[PROBLEM DETAILS]
Transcribe the data below verbatim from the line with "exists d, 0" to the line with "at most sum_(p". Include both of those lines.

(STUDY MATERIAL begins)

(* Let $\kappa>0$, $u_0>0$, and let $u$ be the solution of $\frac{d}{dr}\big(u'/\sqrt{1+u'^2}\big)=\kappa u$, $u(0)=u_0$, $u'(0)=0$. Let $a>0$ and $0\le\gamma<\pi/2$ be such that $u$ is defined on $[0,a)$ and $\sin\psi(a)=\cos\gamma$, where $\sin\psi=u'/\sqrt{1+u'^2}$ (extended continuously to $r=a$). Then $$\frac{\cos\gamma}{a\kappa}-\frac a{\cos\gamma}+\frac{a\tan\gamma}2+\frac a{2\cos^2\gamma}\Big(\frac\pi2-\gamma\Big)<u_0<u_0^+<\frac{\cos\gamma}{a\kappa},$$ where $u_0^+$ is the number with $F(u_0^+;1/(\kappa u_0))=\cos\gamma/\kappa$, for $$F(x;R)=a(R+x)-\frac a2\sqrt{R^2-a^2}-\frac{R^2}2\arcsin\Big(\frac aR\Big).$$
   Context: $u$ is the profile of a $\kappa$-cylindrical capillary surface $z=u(x)$ between vertical plates $x=\pm a$ with contact angle $\gamma$; $u_0$ is the center height. The function $x\mapsto F(x;R)$ is strictly increasing. *)

From Stdlib Require Import Reals.
From Coquelicot Require Import Coquelicot.
Open Scope R_scope.

Definition sin_psi (u : R -> R) (r : R) : R :=
  Derive u r / sqrt (1 + (Derive u r) ^ 2).

Definition capillary_profile (kappa u0 a gamma : R) (u : R -> R) : Prop :=
  (forall r, -a < r < a -> ex_derive u r) /\
  (forall r, -a < r < a -> is_derive (sin_psi u) r (kappa * u r)) /\
  u 0 = u0 /\ Derive u 0 = 0 /\
  filterlim (sin_psi u) (at_left a) (locally (cos gamma)).

Definition F (a x Rr : R) : R :=
  a * (Rr + x) - a / 2 * sqrt (Rr ^ 2 - a ^ 2) - Rr ^ 2 / 2 * asin (a / Rr).

From Stdlib Require Import Reals Lra.
From Coquelicot Require Import Coquelicot.
Open Scope R_scope.

(* The profile is squeezed between two circular arcs through (0, u0).  The
   energy κ u^2 / 2 + cos ψ is conserved, so u >= u0 and (sin ψ)' = κ u gives
   sin ψ(r) > κ u0 r = r / R with R = 1 / (κ u0): u lies above the circle of
   radius R, and integrating (sin ψ)' = κ u once more over [0, a] yields
   κ (a u0 + ∫_0^a arc_R) < cos γ, i.e. u0 < u0^+; the arc integral is
   positive, whence u0^+ < cos γ / (a κ).  Conversely u increases, so
   sin ψ(r) / r increases towards cos γ / a: u lies below the circle of radius
   a / cos γ, and the same integration gives the lower bound for u0. *)

Lemma lt_of_is_derive_pos (f df : R -> R) x y : x < y ->
  (forall t, x <= t <= y -> is_derive f t (df t)) ->
  (forall t, x < t < y -> 0 < df t) -> f x < f y.
Proof.
  intros Hxy Hd Hpos.
  destruct (MVT_cor2 f df x y Hxy) as [c [Hc Hcxy]].
  - intros t Ht. apply is_derive_Reals, Hd, Ht.
  - specialize (Hpos c Hcxy). nra.
Qed.

Lemma le_of_is_derive_nonneg (f df : R -> R) x y : x <= y ->
  (forall t, x <= t <= y -> is_derive f t (df t)) ->
  (forall t, x < t < y -> 0 <= df t) -> f x <= f y.
Proof.
  intros Hxy Hd Hpos. destruct (Req_dec x y) as [<-|Hne]; [lra|].
  destruct (MVT_cor2 f df x y ltac:(lra)) as [c [Hc Hcxy]].
  - intros t Ht. apply is_derive_Reals, Hd, Ht.
  - specialize (Hpos c Hcxy). nra.
Qed.

Lemma is_derive_Rminus (f g : R -> R) x df dg :
  is_derive f x df -> is_derive g x dg -> is_derive (fun t => f t - g t) x (df - dg).
Proof. exact (is_derive_minus f g x df dg). Qed.

Lemma filterlim_minus_R {T} (F : (T -> Prop) -> Prop) {FF : Filter F}
    (f g : T -> R) l m :
  filterlim f F (locally l) -> filterlim g F (locally m) ->
  filterlim (fun x => f x - g x) F (locally (l - m)).
Proof.
  intros Hf Hg.
  eapply (filterlim_comp_2 f (fun x => - g x) Rplus Hf).
  - exact (filterlim_comp _ _ _ g Ropp _ _ _ Hg (filterlim_opp m)).
  - exact (filterlim_plus l (- m)).
Qed.

Lemma filterlim_at_left_continuous (g : R -> R) a :
  continuous g a -> filterlim g (at_left a) (locally (g a)).
Proof. apply filterlim_filter_le_1, filter_le_within. Qed.
(* The Laurent polynomial ring R[x,x^-1], given by its defining        *)
(* property: L is a ring with an injective ring morphism               *)
(* iota : R[x] -> L such that iota 'X is invertible with inverse y and *)
(* every element of L is of the form iota p * y^k (= p x^-k).          *)
(* Such (L, iota) is unique up to unique isomorphism over R[x]: it is  *)
(* the localization of R[x] at the central element x.                  *)
Definition is_laurent (R L : nzRingType) (iota : {rmorphism {poly R} -> L})
  (y : L) : Prop :=
  [/\ iota 'X * y = 1, y * iota 'X = 1, injective iota &
      forall l : L, exists (p : {poly R}) (k : nat), l = iota p * y ^+ k].

(* R[x^-1] is modelled as {poly R} (variable t standing for x^-1);    *)
(* its inclusion into R[x,x^-1] sends t to y = x^-1.                   *)
Definition laurent_minus (R L : nzRingType) (iota : {rmorphism {poly R} -> L})
  (y : L) (q : {poly R}) : L :=
  \sum_(i < size q) iota (q`_i)%:P * y ^+ i.

(* Chain complexes of finitely generated free RIGHT A-modules,         *)
(* indexed by int: the module in degree n is A^(rk n) (column vectors, *)
(* A acting on the right), the differential d_n : A^(rk n) ->          *)
(* A^(rk (n-1)) is left multiplication by the matrix dif n.            *)
Record fcomplex (A : nzRingType) := FComplex {
  rk : int -> nat;
  dif : forall n : int, 'M[A]_(rk (n - 1)%R, rk n)
}.

Definition is_complex (A : nzRingType) (C : fcomplex A) : Prop :=
  forall n : int, dif C (n - 1) *m dif C n = 0.

Definition bounded_cx (A : nzRingType) (C : fcomplex A) : Prop :=
  exists N : nat, forall n : int, (N < absz n)%N -> rk C n = 0%N.

Definition cx_iso (A : nzRingType) (V C : fcomplex A) : Prop :=
  exists phi : forall n : int, 'M[A]_(rk C n, rk V n),
    (forall n : int, dif C n *m phi n = phi (n - 1) *m dif V n) /\
    (forall n : int, bijective (fun v : 'cV[A]_(rk V n) => phi n *m v)).

(* Chain complexes of sheaves V^- --mu^- --> V <-- mu^+ -- V^+ on P^1 *)
(* whose three entries are finitely generated FREE over R[x^-1],       *)
(* R[x,x^-1], R[x] respectively.  mu^+_n : R[x]^(a) -> L^(k) is        *)
(* u |-> mup n *m iota(u) (R[x]-linear); mu^-_n : R[x^-1]^(b) -> L^(k) *)
(* is u |-> mum n *m j(u) with j = laurent_minus (R[x^-1]-linear).     *)
Record fsheaf_cx (R L : nzRingType) := FSheafCx {
  Vm : fcomplex {poly R};   (* over R[x^-1] *)
  V0 : fcomplex L;
  Vp : fcomplex {poly R};   (* over R[x] *)
  mum : forall n : int, 'M[L]_(rk V0 n, rk Vm n);
  mup : forall n : int, 'M[L]_(rk V0 n, rk Vp n)
}.

Section SheafDefs.
Variables (R L : nzRingType) (iota : {rmorphism {poly R} -> L}) (y : L).
Local Notation jm := (laurent_minus iota y).

(* the adjoint maps V^(+-)_n (x) R[x,x^-1] -> V_n, which under         *)
(* R[x]^a (x) L = L^a are v |-> mup n *m v, are isomorphisms.          *)
Definition is_strict_perfect (V : fsheaf_cx R L) : Prop :=
  [/\ is_complex (Vm V) /\ is_complex (V0 V) /\ is_complex (Vp V),
      bounded_cx (Vm V) /\ bounded_cx (V0 V) /\ bounded_cx (Vp V),
      (forall n : int, mum V (n - 1) *m map_mx jm (dif (Vm V) n)
                       = dif (V0 V) n *m mum V n) /\
      (forall n : int, mup V (n - 1) *m map_mx iota (dif (Vp V) n)
                       = dif (V0 V) n *m mup V n) &
      (forall n : int, bijective (fun v : 'cV[L]_(rk (Vm V) n) => mum V n *m v)) /\
      (forall n : int, bijective (fun v : 'cV[L]_(rk (Vp V) n) => mup V n *m v))].
Lemma supports_of_touch P L :
  sphere k P -> polar_cone P -> C L -> dot k L P = 0 -> supports k C P.
Proof.
  intros HP HK HL HLP; split.
  - intros Q HQ; split; [auto | rewrite dot_sym; auto].
  - exists L; split; [split; [auto|] | split; [auto | rewrite dot_sym; auto]].
    intros eps He; split.
    + exists L; repeat split; auto; rewrite dist_self; auto.
    + destruct (sphere_near_neg_side k L P (C_sphere L HL) HP HLP eps He)
        as [z [Hz [HPz Hd]]].
      exists z; repeat split; auto; intros HzC.
      specialize (HK z HzC); rewrite dot_sym in HK; lra.
Qed.

Lemma self_polar_constant_width :
  (forall Q, C Q <-> polar k C Q) -> constant_width k C (PI / 2).
Proof.
  intros Hself P HP Hsupp.
  assert (HCpol : forall Q, C Q -> polar_cone Q)
    by (intros Q HQ; exact (proj2 (proj1 (Hself Q) HQ))).
  assert (HPC : C P) by (apply Hself; split; [|apply supports_polar_cone]; auto).
  destruct Hsupp as [_ [Q [[HQ Happ] [_ HPQ]]]].
  assert (HQC : C Q).
  { apply Hself; split; auto; apply polar_cone_closed; intros eps He.
    destruct (Happ eps He) as [[y [_ [Hy Hd]]] _]; exists y; auto. }
  split.
  - exists Q; split; [|apply lune_thickness_orth; auto].
    split; [auto|]; split; [|split; [|split]].
    + intros Hv; unfold sphere in HP; rewrite (dot_ext k P P Q Hv) in HP; lra.
    + intros Hv; pose proof (dot_ext k Q _ _ Hv) as E.
      rewrite dot_vopp_r, dot_sym, HPQ in E; unfold sphere in HQ; lra.
    + apply (supports_of_touch Q P); auto.
    + intros R HR; split; split; auto; rewrite dot_sym; apply HCpol; auto.
  - intros Q' [HQ' [_ [_ [HsQ' _]]]]; apply lune_thickness_ge_PI2; auto.
    exact (supports_polar_cone Q' HsQ' P HPC).
Qed.

Lemma polar_cone_perturb V W eps :
  0 < eps -> (forall X, C X -> eps <= dot k X V) ->
  exists d, 0 < d /\ forall t, 0 <= t <= d -> polar_cone (vcomb 1 V t W).
Proof.
  intros He Hge; pose proof (dot_self_ge0 k W).
  exists (eps / (1 + dot k W W)); split; [apply Rdiv_lt_0_compat; lra|].
  intros t Ht X HX; rewrite dot_vcomb_r.
  pose proof (dot_cs k X W) as Hcs; rewrite (C_sphere X HX) in Hcs.
  specialize (Hge X HX).
  assert (t * (1 + dot k W W) <= eps).
  { destruct Ht as [_ Ht]; apply (Rmult_le_compat_r (1 + dot k W W)) in Ht; [|lra].
    unfold Rdiv in Ht; rewrite Rmult_assoc, Rinv_l in Ht; lra. }
  pose proof (Rle_abs (- dot k X W)) as Habs; rewrite Rabs_Ropp in Habs.
  assert (0 <= t * (Rabs (dot k X W) + dot k X W)) by (apply Rmult_le_pos; lra).
  assert (0 <= t * (1 + dot k W W - 2 * Rabs (dot k X W))) by (apply Rmult_le_pos; lra).
  nra.
Qed.
(* Let M = floor y, b = 1 - 1/(2 ln y), C = 67.21, and let Psi(N, M) count the
   M-smooth integers in [1, N].  We prove Psi(N, M) <= C N^b by strong induction on N.
   When ln N <= 6 ln M + 1/b the trivial bound Psi(N, M) <= N suffices, because then
   N^(1-b) <= e^(7/2) < C.  Otherwise write
     Psi(N, M) ln N = sum_n ln n + sum_n ln (N/n)     (n <= N, n M-smooth).
   Expanding ln n = sum_p v_p(n) ln p and counting multiples of p^v, the first sum is
   at most sum_(p <= M) ln p sum_(v >= 1) Psi(N/p^v, M) <= C N^b sum_p ln p / (p^b - 1);
   as p^b >= 1 + p/3 and sum_(p <= M) ln p / p <= 2 ln M, this is <= 6 C N^b ln M.
   By partial summation the second sum is <= C N^b / b.  Hence
   Psi(N, M) ln N <= C N^b (6 ln M + 1/b) < C N^b ln N.
   Finally Psi(x, y) <= Psi(floor x, M) <= C x^b = C x e^(-u/2). *)

From HB Require Import structures.
From Stdlib Require Import Reals Lra Lia Psatz ZArith.
From mathcomp Require Import all_boot zify.
Open Scope R_scope.

Lemma RplusA : associative Rplus. Proof. by move=> a b c; ring. Qed.
HB.instance Definition _ := Monoid.isComLaw.Build R 0 Rplus RplusA Rplus_comm Rplus_0_l.

Notation "\rsum_ ( i <- r | P ) F" := (\big[Rplus/0]_(i <- r | P) F)
  (at level 41, F at level 41, i, r at level 50) : R_scope.
Notation "\rsum_ ( i <- r ) F" := (\big[Rplus/0]_(i <- r) F)
  (at level 41, F at level 41, i, r at level 50) : R_scope.

Section RealSums.
Variables (I : eqType) (r : seq I) (P : pred I).

Lemma rsum_le (F G : I -> R) :
  (forall i, i \in r -> P i -> F i <= G i) ->
  \rsum_(i <- r | P i) F i <= \rsum_(i <- r | P i) G i.
Proof.
move=> leFG; rewrite big_seq_cond [X in _ <= X]big_seq_cond.
apply: (big_ind2 (fun a b => a <= b)) => [|*|i /andP[]]; [lra|lra|exact: leFG].
Qed.

Lemma rsum_mull (c : R) (F : I -> R) :
  \rsum_(i <- r | P i) (c * F i) = c * \rsum_(i <- r | P i) F i.
Proof.
by elim: r => [|a s IH]; rewrite ?big_nil ?big_cons; [ring | case: (P a); rewrite IH; ring].
Qed.

Lemma rsum_const (c : R) : \rsum_(i <- r | P i) c = INR (count P r) * c.
Proof.
elim: r => [|a s IH]; first by rewrite big_nil Rmult_0_l.
by rewrite big_cons IH /= plus_INR; case: (P a) => /=; ring.
Qed.

Lemma rsum_mulr (c : R) (F : I -> R) :
  \rsum_(i <- r | P i) (F i * c) = (\rsum_(i <- r | P i) F i) * c.
Proof. by rewrite Rmult_comm -rsum_mull; apply: eq_bigr => i _; ring. Qed.

Lemma INR_sum (F : I -> nat) : INR (\sum_(i <- r | P i) F i) = \rsum_(i <- r | P i) INR (F i).
Proof. by apply: (big_morph INR plus_INR). Qed.

End RealSums.

Lemma ln_le x y : 0 < x -> x <= y -> ln x <= ln y.
Proof. by move=> x_gt0 [/(ln_increasing _ _ x_gt0)|->]; lra. Qed.

Lemma exp_le x y : x <= y -> exp x <= exp y.
Proof. by move=> [/exp_increasing|->]; lra. Qed.

Lemma exp_nat_mul n x : exp (INR n * x) = exp x ^ n.
Proof.
elim: n => [|n IH]; first by rewrite Rmult_0_l exp_0.
by rewrite S_INR Rmult_plus_distr_r Rmult_1_l exp_plus IH /=; ring.
Qed.

Lemma INR_gt0 {n : nat} : (0 < n)%N -> 0 < INR n.
Proof. by move=> /ltP; apply: lt_0_INR. Qed.

Lemma INR_le {m n : nat} : (m <= n)%N -> INR m <= INR n.
Proof. by move=> /leP; apply: le_INR. Qed.

Lemma INR_expn p k : INR (p ^ k) = INR p ^ k.
Proof. by elim: k => [|k IH]; rewrite ?expn0 // expnS mult_INR IH. Qed.

Lemma ln_0 : ln 0 = 0.
Proof. by rewrite /ln; case: Rlt_dec => // lt00; case: (Rlt_irrefl _ lt00). Qed.

Lemma ln_INR_ge0 n : 0 <= ln (INR n).
Proof.
case: n => [|n]; first by rewrite ln_0; lra.
by rewrite -ln_1; apply: ln_le; rewrite ?S_INR; have := pos_INR n; lra.
Qed.

(* No positivity hypothesis is needed, since [ln 0 = 0]. *)
Lemma ln_INR_expn p k : ln (INR (p ^ k)) = INR k * ln (INR p).
Proof.
case: p => [|p]; last by rewrite INR_expn ln_pow //; apply: INR_gt0.
rewrite INR_expn; change (INR 0) with 0; rewrite ln_0 Rmult_0_r.
by case: k => [|k]; rewrite /= ?ln_1 // Rmult_0_l ln_0.
Qed.

Lemma ln_INR_prod (J : Type) (r : seq J) (P : pred J) (F : J -> nat) :
  (forall j, P j -> (0 < F j)%N) ->
  ln (INR (\prod_(j <- r | P j) F j)) = \rsum_(j <- r | P j) ln (INR (F j)).
Proof.
move=> F_gt0; elim: r => [|j r IH]; rewrite ?big_nil ?big_cons ?ln_1 //.
case: ifP => // Pj; rewrite mult_INR ln_mult ?IH //; apply: INR_gt0; first exact: F_gt0.
by rewrite prodn_cond_gt0.
Qed.

Lemma ln_INR_le {m n : nat} : (m <= n)%N -> ln (INR m) <= ln (INR n).
Proof.
case: m => [|m] le_mn; first by rewrite [INR 0]/= ln_0; apply: ln_INR_ge0.
by apply: ln_le; [apply: INR_gt0 | apply: INR_le].
Qed.

Lemma pow_le_reg n x y : 0 <= x -> 0 <= y -> x ^ n.+1 <= y ^ n.+1 -> x <= y.
Proof.
move=> x_ge0 y_ge0 le_pow; apply: Rnot_lt_le => lt_yx; apply: (Rle_not_lt _ _ le_pow).
elim: n {le_pow} => [|n IH]; first by rewrite /= !Rmult_1_r.
exact: (Rmult_le_0_lt_compat _ _ _ _ y_ge0 (pow_le _ n.+1 y_ge0) lt_yx IH).
Qed.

(STUDY MATERIAL ends)

[SOLUTION]
  exists d, 0 < d /\ forall t, 0 <= t <= d -> polar_cone (vcomb 1 V t W).
Proof.
  intros He Hge; pose proof (dot_self_ge0 k W).
  exists (eps / (1 + dot k W W)); split; [apply Rdiv_lt_0_compat; lra|].
  intros t Ht X HX; rewrite dot_vcomb_r.
  pose proof (dot_cs k X W) as Hcs; rewrite (C_sphere X HX) in Hcs.
  specialize (Hge X HX).
  assert (t * (1 + dot k W W) <= eps).
  { destruct Ht as [_ Ht]; apply (Rmult_le_compat_r (1 + dot k W W)) in Ht; [|lra].
    unfold Rdiv in Ht; rewrite Rmult_assoc, Rinv_l in Ht; lra. }
  pose proof (Rle_abs (- dot k X W)) as Habs; rewrite Rabs_Ropp in Habs.
  assert (0 <= t * (Rabs (dot k X W) + dot k X W)) by (apply Rmult_le_pos; lra).
  assert (0 <= t * (1 + dot k W W - 2 * Rabs (dot k X W))) by (apply Rmult_le_pos; lra).
  nra.
Qed.
(* Let M = floor y, b = 1 - 1/(2 ln y), C = 67.21, and let Psi(N, M) count the
   M-smooth integers in [1, N].  We prove Psi(N, M) <= C N^b by strong induction on N.
   When ln N <= 6 ln M + 1/b the trivial bound Psi(N, M) <= N suffices, because then
   N^(1-b) <= e^(7/2) < C.  Otherwise write
     Psi(N, M) ln N = sum_n ln n + sum_n ln (N/n)     (n <= N, n M-smooth).
   Expanding ln n = sum_p v_p(n) ln p and counting multiples of p^v, the first sum is
   at most sum_(p <= M) ln p sum_(v >= 1) Psi(N/p^v, M) <= C N^b sum_p ln p / (p^b - 1);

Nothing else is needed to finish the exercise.